Metastatic castration-resistant prostate cancer primarily affects elderly men. In this post hoc analysis we investigated the safety and efficacy of abiraterone acetate in elderly (≥75 years) and younger (<75 years) patient subgroups at the prespecified interim analysis (55% of total overall survival [OS] events) for the COU-AA-302 trial.

Patients were stratified and randomized 1:1 to abiraterone acetate 1,000 mg plus prednisone/prednisolone 5 mg bid (abiraterone-prednisone) vs placebo plus prednisone/prednisolone 5 mg bid (prednisone alone). Co-primary end points were radiographic progression-free survival (rPFS) and OS. Median time to event and hazard ratio (HR) were estimated using Kaplan-Meier method and Cox model, respectively.

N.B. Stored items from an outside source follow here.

(* Let $A$, $B$ be formulas and $\Delta$ a context. If for every irreducible context $\Gamma$, the existence of a focused derivation of $\Gamma\vdash A$ implies the existence of a focused derivation of $\Gamma,\Delta\vdash B$, then $A,\Delta\vdash B$ has a focused derivation. In particular, $A\vdash A$ has a focused derivation for every formula $A$.
   Context: Formulas are built from atoms ($p,q,\dots$) by a binary product: every formula is an atom or $A\bullet B$. A context is a finite (possibly empty) list of formulas; commas denote concatenation. A context is irreducible if its leftmost formula is not a product (it is empty or begins with an atom). A focused derivation of a sequent is a finite derivation tree with no undischarged premises using only the rules: ($\bullet L$): from $A,B,\Delta\vdash C$ infer $A\bullet B,\Delta\vdash C$; ($\bullet R^{foc}$): from $\Gamma\vdash A$ and $\Delta\vdash B$ infer $\Gamma,\Delta\vdash A\bullet B$, where $\Gamma$ is irreducible; and ($id^{atm}$): $p\vdash p$ for atoms $p$. *)

From Stdlib Require Import List.
Import ListNotations.

Inductive formula : Type :=
| atom : nat -> formula
| prod : formula -> formula -> formula.

(* A context is a finite list of formulas; commas = list concatenation. *)
Definition context := list formula.

Definition irreducible (G : context) : Prop :=
  match G with
  | [] => True
  | atom _ :: _ => True
  | prod _ _ :: _ => False
  end.

Inductive foc : context -> formula -> Prop :=
| foc_prodL : forall A B D C,
    foc (A :: B :: D) C -> foc (prod A B :: D) C
| foc_prodR : forall G D A B,
    irreducible G -> foc G A -> foc D B -> foc (G ++ D) (prod A B)
| foc_id : forall p, foc [atom p] (atom p).

(* Induction on A, generalised to an occurrence of A after an irreducible
   prefix L.  For A = A1 • A2 and L empty, the left rule reduces A1 • A2, D to
   A1, A2, D; the induction hypothesis for A1 replaces A1 by any G1 with
   G1 ⊢ A1, then the one for A2 (with prefix G1) replaces A2 by any G2 with
   G2 ⊢ A2, and G1, G2 ⊢ A1 • A2 by the focused right rule.  This is why the
   prefix is needed: A2 is no longer leftmost once A1 has been replaced.  For
   L nonempty, L, A1 • A2 is already irreducible, so it is enough to have
   A1 • A2 ⊢ A1 • A2, which is the empty-prefix case with D empty. *)

From Stdlib Require Import List.
Import ListNotations.

Lemma irreducible_app (L G : context) :
  L <> [] -> irreducible L -> irreducible (L ++ G).
Proof.
  destruct L as [|[p|A1 A2] L]; simpl; tauto.
Qed.

Definition expandable (A : formula) : Prop :=
  forall (L D : context) (B : formula),
    irreducible L ->
    (forall G : context, irreducible (L ++ G) -> foc G A -> foc (L ++ G ++ D) B) ->
    foc (L ++ A :: D) B.

Lemma expandable_atom (p : nat) : expandable (atom p).
Proof.
  intros L D B HL H.
  apply (H [atom p]); [| constructor].
  destruct L as [|C L]; [exact I |].
  apply irreducible_app; [discriminate | exact HL].
Qed.

Lemma foc_prod_head (A1 A2 : formula) (D : context) (B : formula) :
  expandable A1 -> expandable A2 ->
  (forall G : context, irreducible G -> foc G (prod A1 A2) -> foc (G ++ D) B) ->
  foc (prod A1 A2 :: D) B.
Proof.
  intros E1 E2 H.
  apply foc_prodL.
  apply (E1 [] (A2 :: D) B I); simpl.
  intros G1 HG1 F1.
  apply (E2 G1 D B HG1).
  intros G2 HG12 F2.
  rewrite app_assoc.
  apply H; [exact HG12 |].
  apply foc_prodR; assumption.
Qed.

Lemma foc_prod_id (A1 A2 : formula) :
  expandable A1 -> expandable A2 -> foc [prod A1 A2] (prod A1 A2).
Proof.
  intros E1 E2.
  apply foc_prod_head; [exact E1 | exact E2 |].
  intros G _ F; rewrite app_nil_r; exact F.
Qed.

Lemma expandable_prod (A1 A2 : formula) :
  expandable A1 -> expandable A2 -> expandable (prod A1 A2).
Proof.
  intros E1 E2 [|C L] D B HL H.
  - apply foc_prod_head; [exact E1 | exact E2 | exact H].
  - apply (H [prod A1 A2]).
    + apply irreducible_app; [discriminate | exact HL].
    + exact (foc_prod_id A1 A2 E1 E2).
Qed.

Lemma expandable_all (A : formula) : expandable A.
Proof.
  induction A as [p | A1 E1 A2 E2].
  - apply expandable_atom.
  - apply expandable_prod; assumption.
Qed.

Theorem lemma1p13 :
  (forall (A B : formula) (D : context),
     (forall G : context, irreducible G -> foc G A -> foc (G ++ D) B) ->
     foc (A :: D) B)
  /\ (forall A : formula, foc [A] A).
Proof.
  assert (Hhead : forall (A B : formula) (D : context),
             (forall G : context, irreducible G -> foc G A -> foc (G ++ D) B) ->
             foc (A :: D) B).
  { intros A B D H. exact (expandable_all A [] D B I H). }
  split; [exact Hhead |].
  intros A; apply Hhead.
  intros G _ F; rewrite app_nil_r; exact F.
Qed.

Elderly patients (n=350) treated with abiraterone-prednisone had significant improvements in OS and rPFS vs prednisone alone (HR=0.71 [95% CI 0.53-0.96] and HR=0.63 [95% CI 0.48-0.83], respectively), similar to younger patients (n=738, HR=0.81 [95% CI 0.63-1.03] and HR=0.49 [95% CI 0.40-0.59], respectively). All secondary end points favored the abiraterone-prednisone arm for both age subgroups. Specific adverse events with abiraterone-prednisone were similar between age subgroups. Elderly patients in both treatment arms had higher rates of fluid retention and cardiac disorders than younger patients, although rates of dose reduction or treatment interruptions due to adverse events were low in both age subgroups.

Abiraterone acetate demonstrated clinical benefit and was well tolerated in both elderly and younger men with chemotherapy-naïve metastatic castration-resistant prostate cancer, thus supporting it as a treatment option for elderly patients who may not tolerate other therapies with greater toxicity. ClinicalTrials.gov: NCT00887198.